MIDDLE PASSAGE -- The horrible second leg of the triangular trade in which Europeans brought Africans across the Atlantic Ocean to the West Indies

Overall Look - 5 Many enslaved Africans died during the Middle Passage. Those who survived often died from diseases because they had little or no immunity to the germs and diseases that they encountered during the Middle Passage. Death rates were higher for newly arrived enslaved Africans than for those born and reared in the Americas.
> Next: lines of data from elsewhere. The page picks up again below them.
Lemma purity_uniform psi S k :
  k_uniform psi k -> (#|S| <= k)%N -> purity psi S = (2 ^+ #|S|)^-1.
Proof.
move=> psi_unif S_le_k; have two_gt0 : 0 < (2 : C) ^+ #|S| by rewrite exprn_gt0.
rewrite /purity (eq_bigr (fun _ => (2 ^+ #|S|)^-2)); last first.
  move=> x _; rewrite (bigD1 x) //= psi_unif // eqxx big1 ?addr0.
    by rewrite mul1r ger0_norm ?invr_ge0 ?ltW // exprVn.
  by move=> y neq_yx; rewrite psi_unif // eq_sym (negbTE neq_yx) mul0r normr0 expr0n.
rewrite sumr_const -(mulr_natl _ #|_|) -[#|_|]/#|cfg_in S| card_cfg_in.
by rewrite expr2 invfM mulrA mulfV ?mul1r // gt_eqF.
Qed.

Lemma state_uniform0 psi : is_state psi -> k_uniform psi 0.
Proof.
move=> psi_state A; rewrite leqn0 => /eqP card_A0 x y.
have /fintype_le1P all_eq : (#|cfg_in A| <= 1)%N.
  by rewrite card_ffun card_bool card_sig card_A0.
rewrite card_A0 expr0 divr1 (all_eq x y) eqxx mulr1n -(rdm_trace A psi_state).
rewrite (bigD1 x) //= big1 ?addr0 // => z.
by rewrite (all_eq x z) eqxx.
Qed.

Lemma purity_set0 psi : is_state psi -> purity psi set0 = 1.
Proof.
by move=> psi_state; rewrite (purity_uniform (state_uniform0 psi_state)) cards0 ?expr0 ?invr1.
Qed.

Lemma moment1 psi (i : 'I_n) :
  moment psi [set i] = (purity psi set0 - purity psi [set i]) / 2.
Proof.
by rewrite moment_mixed_val -[[set i]]setU0 mixed_valU1 ?in_set0 // setU0 !mixed_val_purity.
Qed.

Lemma moment2 psi (i j : 'I_n) : i != j -> moment psi [set i; j] =
  (purity psi set0 - purity psi [set i] - purity psi [set j] + purity psi [set i; j]) / 4.
Proof.
move=> neq_ij; have i_notin_j : i \notin [set j] by rewrite in_set1.
have j_notin_i : j \notin [set i] by rewrite in_set1 eq_sym.
rewrite moment_mixed_val mixed_valU1 ?in_set0 // setU0 -[[set j] in LHS]setU0.
rewrite !mixed_valU1 ?in_set0 // !setU0 [j |: _]setUC !mixed_val_purity.
by field.
Qed.

Lemma hweightE (z : qubits n) : (hweight z)%:R = \sum_i (z i)%:R :> C.
Proof.
rewrite /hweight -sum1_card big_mkcond natr_sum; apply: eq_bigr => i _.
by rewrite inE; case: (z i).
Qed.

Lemma Bell_exp_moment psi : Bell_exp psi = \sum_i moment psi [set i].
Proof.
rewrite /Bell_exp /moment exchange_big; apply: eq_bigr => z _.
by rewrite hweightE mulr_suml; apply: eq_bigr => i _; rewrite big_set1.
Qed.

Lemma Bell_sq_moment psi : \sum_z (hweight z)%:R ^+ 2 * p_out psi z =
  \sum_i \sum_j moment psi [set i; j].
Proof.
rewrite /moment; under [RHS]eq_bigr => i _ do rewrite exchange_big.
rewrite exchange_big; apply: eq_bigr => z _.
rewrite hweightE expr2 mulr_suml mulr_suml; apply: eq_bigr => i _.
rewrite -mulrA mulr_suml mulr_sumr; apply: eq_bigr => j _; rewrite mulrA.
have [<-|neq_ij] := eqVneq i j; last by rewrite big_setU1 ?big_set1 ?in_set1.
by rewrite setUid big_set1; case: (z i); rewrite ?mul1r ?mul0r.
Qed.

Lemma moment1_le psi (i : 'I_n) : is_state psi -> moment psi [set i] <= 4^-1.
Proof.
move=> psi_state; have := purity_ge [set i] psi_state.
rewrite moment1 purity_set0 // cards1 expr1 -subr_ge0 => half_le.
rewrite -subr_ge0 (_ : _ - _ = (purity psi [set i] - 2^-1) / 2); last by field.
by rewrite divr_ge0.
Qed.

Lemma moment1_uniform psi (i : 'I_n) :
  is_state psi -> k_uniform psi 1 -> moment psi [set i] = 4^-1.
Proof.
move=> psi_state psi_unif.
by rewrite moment1 purity_set0 // (purity_uniform psi_unif) cards1 // expr1; field.
Qed.

Lemma n_div4_sum : n%:R / 4 = \sum_(i < n) 4^-1 :> C.
Proof. by rewrite sumr_const card_ord mulr_natl. Qed.

Lemma Bell_exp_le psi : is_state psi -> Bell_exp psi <= n%:R / 4.
Proof.
move=> psi_state; rewrite Bell_exp_moment n_div4_sum.
by apply: ler_sum => i _; apply: moment1_le.
Qed.

Lemma Bell_exp_uniform psi : is_state psi -> k_uniform psi 1 -> Bell_exp psi = n%:R / 4.
Proof.
move=> psi_state psi_unif; rewrite Bell_exp_moment n_div4_sum.
by apply: eq_bigr => i _; apply: moment1_uniform.
Qed.

Lemma moment1_of_Bell_exp psi (i : 'I_n) :
  is_state psi -> Bell_exp psi = n%:R / 4 -> moment psi [set i] = 4^-1.
Proof.
move=> psi_state; rewrite Bell_exp_moment n_div4_sum => /eqP.
rewrite eq_sym -subr_eq0 -sumrB => /eqP/psumr_eq0P gap0.
apply/eqP; rewrite eq_sym -subr_eq0 gap0 // => k _.
by rewrite subr_ge0; apply: moment1_le.
Qed.

Lemma k_uniform_le psi k l : (l <= k)%N -> k_uniform psi k -> k_uniform psi l.
Proof. by move=> l_le_k psi_unif A card_A; apply: psi_unif; apply: leq_trans l_le_k. Qed.

Lemma moment_pair_le phi psi (i j : 'I_n) :
  is_state phi -> k_uniform phi 2 -> is_state psi ->
  (forall k, moment psi [set k] = 4^-1) ->
  moment phi [set i; j] <= moment psi [set i; j].
Proof.
move=> phi_state phi_unif psi_state psi_moment1.
have [<-|neq_ij] := eqVneq i j.
  rewrite setUid psi_moment1 moment1_uniform //; exact: k_uniform_le phi_unif.
have psi_purity1 k : purity psi [set k] = 2^-1.
  have := psi_moment1 k; rewrite moment1 purity_set0 // => moment1_k.
  have -> : purity psi [set k] = 1 - 2 * ((1 - purity psi [set k]) / 2) by field.
  by rewrite moment1_k; field.
rewrite !moment2 // !purity_set0 // !psi_purity1.
rewrite !(purity_uniform phi_unif) ?cards1 ?cards2 ?neq_ij //.
rewrite ler_pM2r ?invr_gt0 ?ltr0n // lerD2l.
by have := purity_ge [set i; j] psi_state; rewrite cards2 neq_ij.
Qed.
(* Walking down the run of [R] that contains [v], the gap [pcount T - pcount R] cannot shrink. *)
Lemma gap_at_descent R T v : memn R v -> pcount R v < pcount T v ->
  exists2 y, descent R y & pcount R y < pcount T y.
Proof.
elim: v => [|v IH] Rv gap_v; first by rewrite !pcount0 in gap_v.
case Rv1: (memn R v); last by exists v.+1; rewrite /descent /= ?Rv ?Rv1.
by apply: (IH Rv1); move: gap_v; rewrite !pcountS Rv1; case: (memn T v) => /=; lia.
Qed.

Lemma descent_of_pcount_le R T : pcount_le R T -> pcount R n = pcount T n -> R != T ->
  exists2 y, descent R y & pcount R y < pcount T y.
Proof.
move=> le_RT eq_n neq_RT.
have [u gap_u] : exists u, pcount R u < pcount T u.
  case: (boolP [exists u : 'I_n.+1, pcount R u < pcount T u]) => [/existsP[u] | /existsPn no_gap].
    by exists u.
  case/eqP: neq_RT; apply: pcount_inj => t.
  wlog le_tn : t / t <= n => [wlog_t|].
    by case: (leqP t n) => [|/ltnW le_nt]; [exact: wlog_t | rewrite !(pcount_out _ le_nt) wlog_t].
  by apply/eqP; rewrite eqn_leq le_RT leqNgt (no_gap (Ordinal (n := n.+1) le_tn)).
have [v Rv gap_v] := gap_at_member le_RT eq_n gap_u.
exact: gap_at_descent Rv gap_v.
Qed.

Lemma connect_of_pcount_le R T : pcount_le R T -> pcount R n = pcount T n ->
  connect (@direct_left_shift n) R T.
Proof.
pose psum S := \sum_(t < n.+1) pcount S t.
have [d] := ubnP (psum T - psum R); elim: d R => [//|d IH] R lt_d le_RT eq_n.
have [->|neq_RT] := eqVneq R T; first exact: connect0.
have [y dy gap_y] := descent_of_pcount_le le_RT eq_n neq_RT.
have [S' shift_RS' pcount_S'] := descent_direct_left_shift dy.
have le_S'T : pcount_le S' T.
  by move=> t; rewrite pcount_S'; case: (eqVneq t y) => [->|_]; rewrite ?addn1 ?addn0.
have psum_S' : psum S' = (psum R).+1.
  rewrite /psum (eq_bigr (fun t : 'I_n.+1 => pcount R t + (t == y :> nat))) => [|t _];
    last exact: pcount_S'.
  rewrite big_split /= -[RHS]addn1; congr (_ + _).
  have le_yn : y < n.+1 by have := descent_ltn dy; lia.
  rewrite (bigD1 (Ordinal le_yn)) //= eqxx big1 // => t neq_ty.
  by apply/eqP; rewrite eqb0; apply: contra neq_ty => /eqP ty; apply/eqP/val_inj.
have le_psum : psum S' <= psum T by apply: leq_sum => t _.
apply: connect_trans (connect1 shift_RS') (IH S' _ le_S'T _); first lia.
by rewrite pcount_S' -eq_n gtn_eqF ?addn0 // (descent_ltn dy).
Qed.

Lemma connect_left_shift R T : connect (@direct_left_shift n) R T -> R = T \/ left_shift R T.
Proof.
case/connectP=> [[|S p]] /= path_p ->; first by left.
case/andP: path_p => shift_RS path_p; right; apply/existsP; exists S.
by rewrite shift_RS; apply/connectP; exists p.
Qed.

(* The witness is the set of the first [pcount R n] members of [S]. *)
Lemma pcount_le_subset_left_shift R S : pcount_le R S ->
  exists2 T, (T == R) || left_shift R T & T \subset S.
Proof.
move=> le_RS; pose T := [set x in S | pcount S x < pcount R n].
have pcount_T t : pcount T t = minn (pcount S t) (pcount R n).
  elim: t => [|t IH]; first by rewrite !pcount0 min0n.
  have memn_T : memn T t = memn S t && (pcount S t < pcount R n).
    case: (ltnP t n) => [lt_tn|le_nt]; last by rewrite !memn_out.
    by rewrite -[t]/(nat_of_ord (Ordinal lt_tn)) !memnE inE.
  by rewrite !pcountS memn_T IH; case: (memn S t) => /=; lia.
have le_RT : pcount_le R T.
  by move=> t; rewrite pcount_T; have := pcount_le_total R t; have := le_RS t; lia.
have eq_n : pcount R n = pcount T n by rewrite pcount_T; have := le_RS n; lia.
exists T; last by apply/subsetP => x; rewrite inE => /andP[].
by case: (connect_left_shift (connect_of_pcount_le le_RT eq_n)) => [->|->]; rewrite ?eqxx ?orbT.
Qed.

End PrefixCounts.
Lemma agree_eq2 (g1 g2 h1 h2 : {rmorphism P -> P}) :
  agree_P (g1 \o g2) (h1 \o h2) -> forall p, g1 (g2 p) = h1 (h2 p).
Proof.
case=> eqC eq1 eq2 eq3 eq4.
exact: (@rmorph4_eq K P (g1 \o g2) (h1 \o h2) eqC eq1 eq2 eq3 eq4).
Qed.

Lemma agree_eq3 (g1 g2 g3 h1 h2 h3 : {rmorphism P -> P}) :
  agree_P (g1 \o g2 \o g3) (h1 \o h2 \o h3) ->
  forall p, g1 (g2 (g3 p)) = h1 (h2 (h3 p)).
Proof.
case=> eqC eq1 eq2 eq3 eq4.
exact: (@rmorph4_eq K P (g1 \o g2 \o g3) (h1 \o h2 \o h3) eqC eq1 eq2 eq3 eq4).
Qed.
End Composites.

Section Scaling.
Variable A : comNzRingType.

Definition sc1 (c : A) : {rmorphism {poly A} -> {poly A}} :=
  @horner_morph _ _ polyC (c%:P * 'X) (fun a => mulrC _ _).

Lemma sc1C c a : sc1 c a%:P = a%:P. Proof. exact: horner_morphC. Qed.
Lemma sc1X c : sc1 c 'X = c%:P * 'X. Proof. exact: horner_morphX. Qed.
Lemma coef_sc1 c p i : (sc1 c p)`_i = c ^+ i * p`_i.
Proof.
elim/poly_ind: p i => [|p d IH] i; first by rewrite rmorph0 !coef0 mulr0.
rewrite rmorphD rmorphM sc1C sc1X mulrA !coefD !coefMX !coefC coefMC.
case: i => [|i] /=; first by rewrite expr0 mul1r.
by rewrite IH exprS !addr0 [LHS]mulrC mulrA.
Qed.

Definition wscale (c : A) (f : {rmorphism A -> A}) : {rmorphism {poly A} -> {poly A}} :=
  sc1 c \o map_poly f.

Lemma coef_wscale c f p i : (wscale c f p)`_i = c ^+ i * f p`_i.
Proof. by rewrite /= coef_sc1 coef_map. Qed.
Lemma wscaleC c f a : wscale c f a%:P = (f a)%:P.
Proof. by rewrite /= map_polyC sc1C. Qed.
Lemma wscaleX c f : wscale c f 'X = c%:P * 'X.
Proof. by rewrite /= map_polyX sc1X. Qed.
End Scaling.

Section WeightedScaling.
Variable K : comNzRingType.
Local Notation P := (mpoly4 K).
Variables a1 a2 a3 a4 : K.

Definition scale4 : {rmorphism P -> P} :=
  wscale a1%:P%:P%:P (wscale a2%:P%:P (wscale a3%:P (sc1 a4))).

Lemma coef4_scale p i j k l :
  coef4 (scale4 p) i j k l =
  a1 ^+ i * a2 ^+ j * a3 ^+ k * a4 ^+ l * coef4 p i j k l.
Proof.
rewrite /coef4; do 3! rewrite coef_wscale -!rmorphXn !coefCM.
by rewrite coef_sc1 !mulrA.
Qed.
Hypotheses (g1_sym : (g1 x)^T = g1 x) (g2_sym : (g2 y)^T = g2 y).
Hypotheses (f_diff : differentiable f x) (u_diff : forall i, differentiable (u i) x).
Hypotheses (v_diff : forall k, differentiable (v k) y) (phi_diff : differentiable phi y).
Hypothesis f_neq0 : f x != 0.
Hypothesis f_near_u0 : \forall z \near x, f z = u ord0 z.
Hypothesis G1_row0 : forall j, G1 ord0 j = (j == ord_max)%:R * b.
Hypothesis gstar_uu : forall i j, gstar g1 (u i) (u j) x = G1 i j - K1 * u i x * u j x.
Hypothesis gstar_ff : gstar g1 f f x = - K1 * f x ^+ 2.
Hypothesis gstar_vv : forall k m, gstar g2 (v k) (v m) y = G2 k m.
Hypothesis gstar_phiv : forall k, gstar g2 phi (v k) y = v k y.
Hypothesis gstar_phiphi : gstar g2 phi phi y = 2 * phi y.

Lemma gstar_uf (i : 'I_q.+1) :
  gstar g1 (u i) f x = (i == ord_max)%:R * b - K1 * u i x * f x.
Proof.
have f_x : f x = u ord0 x by exact: nbhs_singleton f_near_u0.
rewrite (gstar_near_eqr _ _ f_near_u0) gstarC // gstar_uu G1_row0 f_x; ring.
Qed.

Lemma gstar_fu (j : 'I_q.+1) :
  gstar g1 f (u j) x = (j == ord_max)%:R * b - K1 * f x * u j x.
Proof. by rewrite gstarC // gstar_uf mulrAC. Qed.

Lemma gstar_vphi (k : 'I_n2) : gstar g2 (v k) phi y = v k y.
Proof. by rewrite gstarC. Qed.

Let warp_diff (i : 'I_q.+1) : differentiable (fun x' => - (i == ord_max)%:R * b * f x') x.
Proof. exact: differentiableZ. Qed.

Let zero_diff : differentiable (fun _ : 'rV[R]_n1 => 0 : R) x.
Proof. exact: differentiable_cst. Qed.

Lemma gstarW_wcoords_UU (i j : 'I_q.+1) :
  gstarW g1 g2 f (w (lshift n2 i)) (w (lshift n2 j)) x y
  = G1 i j - K1 * w (lshift n2 i) x y * w (lshift n2 j) x y.
Proof.
rewrite !wcoords_lshift gstarW_separable //.
rewrite !gstarZl ?gstarZr // gstar_uu gstar_uf gstar_fu gstar_ff gstar_phiphi.
by field.
Qed.

Lemma gstarW_wcoords_UV (i : 'I_q.+1) (k : 'I_n2) :
  gstarW g1 g2 f (w (lshift n2 i)) (w (rshift q.+1 k)) x y
  = - K1 * w (lshift n2 i) x y * w (rshift q.+1 k) x y.
Proof.
rewrite wcoords_lshift wcoords_rshift gstarW_separable //.
rewrite !gstarZl // !gstar_cstr gstar_uf gstar_ff gstar_phiv.
by field.
Qed.

Lemma gstarW_wcoords_VV (k m : 'I_n2) :
  gstarW g1 g2 f (w (rshift q.+1 k)) (w (rshift q.+1 m)) x y
  = G2 k m - K1 * w (rshift q.+1 k) x y * w (rshift q.+1 m) x y.
Proof.
rewrite !wcoords_rshift gstarW_separable //.
rewrite !gstar_cstl !gstar_cstr gstar_ff gstar_vv.
by field.
Qed.

Lemma gstarW_wcoords (a c : 'I_(q.+1 + n2)) :
  gstarW g1 g2 f (w a) (w c) x y = block_mx G1 0 0 G2 a c - K1 * w a x y * w c x y.
Proof.
rewrite -(splitK a) -(splitK c).
case: (fintype.split a) => [i|k]; case: (fintype.split c) => [j|m] /=.
- by rewrite block_mxEul gstarW_wcoords_UU.
- by rewrite block_mxEur mxE gstarW_wcoords_UV; ring.
- by rewrite block_mxEdl mxE gstarWC // gstarW_wcoords_UV; ring.
- by rewrite block_mxEdr gstarW_wcoords_VV.
Qed.

End WarpedFlatCoordinates.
Overall Look - 6 Although this was true, slaveholders rarely encouraged enslaved slaves to have children. Many slaveholders, especially on islands in the Caribbean, believed that buying a new enslaved person was less expensive than rearing a child from birth to working age.

Source and Progression of African Slavery

Source and Progression of African Slavery 1 Before the coming of Europeans arrived in the 15th century, most enslaved persons in Africa were prisoners of war. Europeans first bought enslaved people from African merchants at slave markets in return for gold, guns, or other European goods.

Elmina Castle in Ghana

Slave Castle in Cape Coast, Ghana

Source and Progression of African Slavery - 2 Local slave traders first obtained their supplies of enslaved persons from nearby coastal regions --- As demand grew, they had to move farther inland to find people to enslave. Some rulers eventually became concerned about the welfare of their own countries - King Afonso of Congo wrote to the king of Portugal, asking him to end the slave trade. Europeans and other Africans, however, generally ignored such protests.

Source and Progression of African Slavery - 3 Local rulers who traded in enslaved people viewed the slave trade as a source of income.

Impact of the Slave Trade

Impact of the Slave Trade - 1 The slave trade depopulated some areas and deprived many African communities of their youngest and strongest men and women. The desire of slave traders to provide a constant supply of enslaved persons increased warfare in Africa ---- Coastal or near-coastal African chiefs and their followers, armed with guns acquired from the trade in enslaved people, increased raids and wars on neighboring peoples.

Impact of the Slave Trade - 2 The use of enslaved Africans remained largely acceptable to European society. Europeans continued to view Africans as inferior beings fit chiefly for slave labor. Not until the Quakers, began to condemn slavery in the 1770s did feelings against slavery begin to build in Europe.

Impact of the Slave Trade - 3 Even then, it was not until the French Revolution in the 1790s that the French abolished slavery. The British ended the slave trade in 1807 and abolished slavery throughout the empire in 1833. Slavery finally ended in the United States in the 1860’s with the oncoming Civil War.